YOUR GOAL: Please reproduce each line of the data below as it stands.

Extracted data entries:

Segment Open

Lemma nu_meet_equiv A' B' : A' \subset E -> B' \subset E ->
  A === A' -> B === B' -> A /\' B === A' /\' B'.
Proof.
move=> A'E B'E eqA eqB; apply: nu_equiv_pointwise => v vV1; rewrite !mate_nu_meet //.
apply: (pmax_peq (@tr v) (@tot v) (dom_mate v AE) (dom_mate v BE)
               (dom_mate v A'E) (dom_mate v B'E)).
  by apply/andP; apply: eqA.
by apply/andP; apply: eqB.
Qed.

Lemma nu_join_equiv A' B' : A' \subset E -> B' \subset E ->
  A === A' -> B === B' -> A \/' B === A' \/' B'.
Proof.
move=> A'E B'E eqA eqB; apply: nu_equiv_pointwise => v vV1; rewrite !mate_nu_join //.
apply: (pmin_peq (@tr v) (@tot v) (dom_mate v AE) (dom_mate v BE)
               (dom_mate v A'E) (dom_mate v B'E)).
  by apply/andP; apply: eqA.
by apply/andP; apply: eqB.
Qed.

Lemma nu_meetxx : A /\' A === A. Proof. pointwise pmaxxx. Qed.
Lemma nu_joinxx : A \/' A === A. Proof. pointwise pminxx. Qed.
Lemma nu_meetC : A /\' B === B /\' A. Proof. pointwise pmaxC. Qed.
Lemma nu_joinC : A \/' B === B \/' A. Proof. pointwise pminC. Qed.
Lemma nu_meetA : A /\' (B /\' C) === A /\' B /\' C. Proof. pointwise pmaxA. Qed.
Lemma nu_joinA : A \/' (B \/' C) === A \/' B \/' C. Proof. pointwise pminA. Qed.
Lemma nu_meet_absorb : A /\' (A \/' B) === A. Proof. pointwise pmax_pminK. Qed.
Lemma nu_join_absorb : A \/' (A /\' B) === A. Proof. pointwise pmin_pmaxK. Qed.
Lemma nu_meetUr : A /\' (B \/' C) === (A /\' B) \/' (A /\' C). Proof. pointwise pmax_pminr. Qed.
Lemma nu_joinIr : A \/' (B /\' C) === (A \/' B) /\' (A \/' C). Proof. pointwise pmin_pmaxr. Qed.

End Laws.
End NUStableLattice.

Segment Closed

FINAL ANSWER:
Lemma nu_meet_equiv A' B' : A' \subset E -> B' \subset E ->
  A === A' -> B === B' -> A /\' B === A' /\' B'.
Proof.
move=> A'E B'E eqA eqB; apply: nu_equiv_pointwise => v vV1; rewrite !mate_nu_meet //.
apply: (pmax_peq (@tr v) (@tot v) (dom_mate v AE) (dom_mate v BE)
               (dom_mate v A'E) (dom_mate v B'E)).
  by apply/andP; apply: eqA.
by apply/andP; apply: eqB.
Qed.

Lemma nu_join_equiv A' B' : A' \subset E -> B' \subset E ->
  A === A' -> B === B' -> A \/' B === A' \/' B'.
Proof.
move=> A'E B'E eqA eqB; apply: nu_equiv_pointwise => v vV1; rewrite !mate_nu_join //.
apply: (pmin_peq (@tr v) (@tot v) (dom_mate v AE) (dom_mate v BE)
               (dom_mate v A'E) (dom_mate v B'E)).
  by apply/andP; apply: eqA.
by apply/andP; apply: eqB.
Qed.

Lemma nu_meetxx : A /\' A === A. Proof. pointwise pmaxxx. Qed.
Lemma nu_joinxx : A \/' A === A. Proof. pointwise pminxx. Qed.
Lemma nu_meetC : A /\' B === B /\' A. Proof. pointwise pmaxC. Qed.
Lemma nu_joinC : A \/' B === B \/' A. Proof. pointwise pminC. Qed.
Lemma nu_meetA : A /\' (B /\' C) === A /\' B /\' C. Proof. pointwise pmaxA. Qed.
Lemma nu_joinA : A \/' (B \/' C) === A \/' B \/' C. Proof. pointwise pminA. Qed.
Lemma nu_meet_absorb : A /\' (A \/' B) === A. Proof. pointwise pmax_pminK. Qed.
Lemma nu_join_absorb : A \/' (A /\' B) === A. Proof. pointwise pmin_pmaxK. Qed.
Lemma nu_meetUr : A /\' (B \/' C) === (A /\' B) \/' (A /\' C). Proof. pointwise pmax_pminr. Qed.
Lemma nu_joinIr : A \/' (B /\' C) === (A \/' B) /\' (A \/' C). Proof. pointwise pmin_pmaxr. Qed.

End Laws.
End NUStableLattice.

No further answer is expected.